A poll has found many of them believe they’ll have a worse life than their parents

British teenagers believe their generation will have a worse life than their parents, according to a new poll.

Money, jobs and climate change were named among the concerns of 1,001 teenagers aged 14 to 17 who were questioned by YouGov for children’s charity Barnardo’s.

When asked to imagine their lives at the age of 30 years, 55% of teenagers said they believed their lives would be worse than the previous generation while another 34% thought the next generation of children’s lives would not be any better.

Some 9% said they felt “hopeless” about their future.

One teenager said: “Everyone is struggling these days. My mum struggles to pay the bills and she’s a nurse with a master’s degree.

“I’m not that clever, so imagine my life will be harder than hers.

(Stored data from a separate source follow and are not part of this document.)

(* Let $G(\mathcal V,\mathcal E)$ be a finite simple directed graph and $f\ge 0$ an integer, and assume Condition 1 holds for $G$. Let $A,B,F$ be a partition of $\mathcal V$ with $A$ non-empty and $|F|\le f$ ($B$ may be empty). If $B\not\rightarrow A$, then $A \Rightarrow_{\mathcal V - F} B$.
   Context: For disjoint sets $X,Y\subseteq\mathcal V$ with $Y$ non-empty, $X\rightarrow Y$ means that $X$ contains at least $f+1$ distinct nodes $i$ such that $(i,j)\in\mathcal E$ for some $j\in Y$; $X\not\rightarrow Y$ means this fails. Condition 1: for every partition $L,C,R,F$ of $\mathcal V$ (with $C$ or $F$ possibly empty) such that $L,R$ are non-empty and $|F|\le f$, either $L\cup C\rightarrow R$ or $R\cup C\rightarrow L$. An $(A,b)$-path is a directed path from some node of $A$ to the node $b\notin A$; it excludes $F$ if it contains no node of $F$; $(A,b)$-paths are disjoint if they pairwise share only $b$. For pairwise disjoint $A,B,F$ with $|F|\le f$, $A \Rightarrow_{\mathcal V - F} B$ means: $B=\emptyset$, or every $b\in B$ has at least $f+1$ pairwise disjoint $(A,b)$-paths excluding $F$. *)

From mathcomp Require Import all_boot.
Set Implicit Arguments. Unset Strict Implicit. Unset Printing Implicit Defensive.

(* A finite simple directed graph: vertex set V (a finType), edge relation E,
   with no self loops (simple: at most one edge (i,j) per ordered pair,
   automatic for a relation). *)
Definition simple_digraph (V : finType) (E : rel V) : Prop :=
  forall v : V, ~~ E v v.

Definition reaches (V : finType) (E : rel V) (f : nat) (X Y : {set V}) : Prop :=
  f.+1 <= #|[set i in X | [exists j in Y, E i j]]|.

(* X, Y disjoint, Y nonempty are side conditions of the notation; they are
   supplied as hypotheses wherever the notation is used. *)

Definition partition4 (V : finType) (L C R F : {set V}) : Prop :=
  [&& [disjoint L & C], [disjoint L & R], [disjoint L & F],
      [disjoint C & R], [disjoint C & F], [disjoint R & F]
    & L :|: C :|: R :|: F == [set: V]].

Definition partition3 (V : finType) (A B F : {set V}) : Prop :=
  [/\ [disjoint A & B], [disjoint A & F], [disjoint B & F]
    & A :|: B :|: F = [set: V]].

Definition condition1 (V : finType) (E : rel V) (f : nat) : Prop :=
  forall L C R F : {set V},
    partition4 L C R F -> L != set0 -> R != set0 -> #|F| <= f ->
    reaches E f (L :|: C) R \/ reaches E f (R :|: C) L.

Definition ABpath (V : finType) (E : rel V) (A : {set V}) (b : V) (p : seq V) : Prop :=
  b \notin A /\
  exists x q, p = x :: q /\ path E x q /\ uniq p /\ x \in A /\ last x q = b.

Definition excludes (V : finType) (F : {set V}) (p : seq V) : Prop :=
  all (fun v => v \notin F) p.

Definition robust_reach (V : finType) (E : rel V) (f : nat) (A B F : {set V}) : Prop :=
  B = set0 \/
  forall b, b \in B ->
    exists ps : seq (seq V),
      size ps = f.+1 /\
      (forall p, p \in ps -> ABpath E A b p /\ excludes F p) /\
      (forall i j, i < size ps -> j < size ps -> i <> j ->
         forall v, v \in nth [::] ps i -> v \in nth [::] ps j -> v = b).

(* Fix b in B and let N be the in-neighbours of b outside F. If in G - F - b
   every A-N separator has more than f vertices, Menger's theorem gives f+1
   disjoint A-N walks there; shortened and extended by b they form the required
   paths. Otherwise take such a separator S with |S| <= f and let R be the set
   of vertices that reach b along edges leaving vertices outside F, S and b.
   R misses A and F, and every vertex outside R and F with an edge into R lies
   in S. So for the partition L = A, R, F, C = the rest, the alternative
   A u C -> R of Condition 1 fails, and R u C -> A gives B -> A because
   R u C is contained in B.

   Menger's theorem (for walks, with separators allowed to meet A and B) is
   proved by induction on the number of edges. Delete an edge xy. If G - xy
   has an A-B separator S with |S| < k, then S+x and S+y separate A from B in
   G, hence |S+y| = k, and induction gives k disjoint A-(S+x) walks and k disjoint
   (S+y)-B walks in G - xy. Cut them to meet S+x only at their ends and S+y
   only at their starts; a walk ending at s in S continues along the walk
   starting at s, the walk ending at x continues through xy along the walk
   starting at y, and the glued walks stay disjoint because S separates A from
   B in G - xy. *)

From mathcomp Require Import all_boot.
From Stdlib Require Import Classical.
Set Implicit Arguments. Unset Strict Implicit. Unset Printing Implicit Defensive.

Lemma cat_eq_cons (T : eqType) (p1 p2 r : seq T) v t :
  p1 ++ v :: p2 = t :: r -> {subset p2 <= r} /\ (v = t \/ v \in r).
Proof.
case: p1 => [|z p1] /= [Ez Er]; first by rewrite -Ez -Er; split=> //; left.
rewrite -Er; split=> [u Hu|]; last by right; rewrite mem_cat mem_head orbT.
by rewrite mem_cat inE Hu !orbT.
Qed.

Lemma cat_eq_rcons (T : eqType) (p1 p2 s : seq T) v w :
  p1 ++ v :: p2 = rcons s w -> {subset p1 <= s} /\ (v = w \/ v \in s).
Proof.
move/(congr1 rev); rewrite rev_cat rev_cons rev_rcons cat_rcons => /cat_eq_cons.
by case=> Hsub Hv; split=> [u|]; rewrite -!(mem_rev s) // => Hu; apply/Hsub; rewrite mem_rev.
Qed.

Lemma pairwise_sym_in (T : eqType) (r : rel T) s :
  symmetric r -> pairwise r s -> {in s &, forall a b, a != b -> r a b}.
Proof.
move=> r_sym; elim: s => [|z s IH] //= /andP [/allP r_z /IH{}IH] a b.
rewrite !inE => /predU1P [->|Ha] /predU1P [->|Hb]; rewrite ?eqxx // => ab.
- exact: r_z.
- by rewrite r_sym; apply: r_z.
- exact: IH.
Qed.

Lemma disjoint_seqP (T : finType) (p q : seq T) :
  reflect (forall v, v \in p -> v \in q -> False) [disjoint p & q].
Proof.
rewrite disjoint_has; apply: (iffP hasPn) => H v Hp; first by apply/negP/H.
by apply/negP/H.
Qed.

Section Walks.
Variable V : finType.
Implicit Types (e : rel V) (a c t w : V) (A B S X Y : {set V}) (p q s : seq V).

Definition walk e a c p :=
  if p is z :: q then [&& z == a, path e z q & last z q == c] else false.

Definition ABwalk e A B p := exists a c, [/\ a \in A, c \in B & walk e a c p].

Definition separates e A B S := forall p, ABwalk e A B p -> has [in S] p.

Definition linkage e A B k ps :=
  [/\ size ps = k, forall p, p \in ps -> ABwalk e A B p
    & pairwise (fun p q : seq V => [disjoint p & q]) ps].

Definition revrel e : rel V := fun u v => e v u.

Lemma walk_head e a c p a0 : walk e a c p -> head a0 p = a.
Proof. by case: p => [|z q] //= /and3P [/eqP]. Qed.

Lemma walk_last e a c p c0 : walk e a c p -> last c0 p = c.
Proof. by case: p => [|z q] //= /and3P [_ _ /eqP]. Qed.

Lemma mem_walk_head e a c p : walk e a c p -> a \in p.
Proof. by case: p => [|z q] //= /and3P [/eqP -> _ _]; apply: mem_head. Qed.

Lemma mem_walk_last e a c p : walk e a c p -> c \in p.
Proof. by case: p => [|z q] //= /and3P [_ _ /eqP <-]; apply: mem_last. Qed.

Lemma walk1 e a : walk e a a [:: a].
Proof. by rewrite /= eqxx. Qed.

Lemma walk_rcons e a c d p : walk e a c p -> e c d -> walk e a d (rcons p d).
Proof.
case: p => [|z q] //= /and3P [-> Hp /eqP <-] Hd.
by rewrite rcons_path Hp Hd last_rcons eqxx.
Qed.

Lemma walk_cat e a c w p1 p2 :
  walk e a c (p1 ++ w :: p2) = walk e a w (rcons p1 w) && walk e w c (w :: p2).
Proof.
case: p1 => [|z q] /=; first by rewrite !eqxx andbT.
by rewrite cat_path rcons_path last_cat last_rcons eqxx /= andbT !andbA.
Qed.

Lemma sub_walk e e' a c p : subrel e e' -> walk e a c p -> walk e' a c p.
Proof.
move=> ee'; case: p => [|z q] //= /and3P [-> Hp ->]; rewrite andbT.
exact: sub_path Hp.
Qed.

Lemma walk_rev e a c p : walk e a c p -> walk (revrel e) c a (rev p).
Proof.
case: p => [|z q] //= /and3P [/eqP -> Hp /eqP <-].
rewrite lastI rev_rcons /= eqxx rev_path Hp /=.
by case: q {Hp} => [|y q] //=; rewrite rev_cons last_rcons.
Qed.

Lemma ABwalk_rev e A B p : ABwalk e A B p -> ABwalk (revrel e) B A (rev p).
Proof. by case=> a [c [Ha Hc Hw]]; exists c, a; split=> //; apply: walk_rev. Qed.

We used to be able to go on holidays but mum can’t afford it any more.”

Another said: “My parents got their mortgage at 21. I don’t think people my age will be able to do that.”

Money worries were something that 19% felt they would struggle with, as they believed they would not have enough money at 30 to live comfortably.

Some 10% of the teenagers felt they were unable to change their futures.

Barnardo’s chief executive Lynn Perry said the fact that children believe their lives will be harder than their parents “is a sign the social contract is broken and we’re at risk of failing the next generation”.

She added: “It’s our job to make the world better for our children, not worse.”

A bleak picture of children’s lives in the UK is revealed in a new report from Barnardo’s – Changing Childhoods, Changing Lives – which looks at how issues such as the cost of living, Covid pandemic and environmental concerns are having an impact.

The charity forecasts that circumstances could get tougher, with spiralling children’s mental health problems, increased risk of online exploitation and a rising number of youngsters in care.

Ms Perry added: “Children are constantly being bombarded with news of the challenges they face – from worsening inequality and environmental concerns to health worries and an out-of-control housing market.

“None of this is of their making but it’s just not right that children are left to dread the years ahead instead of feeling excited about their future. We know that to be especially true for children from disadvantaged backgrounds.”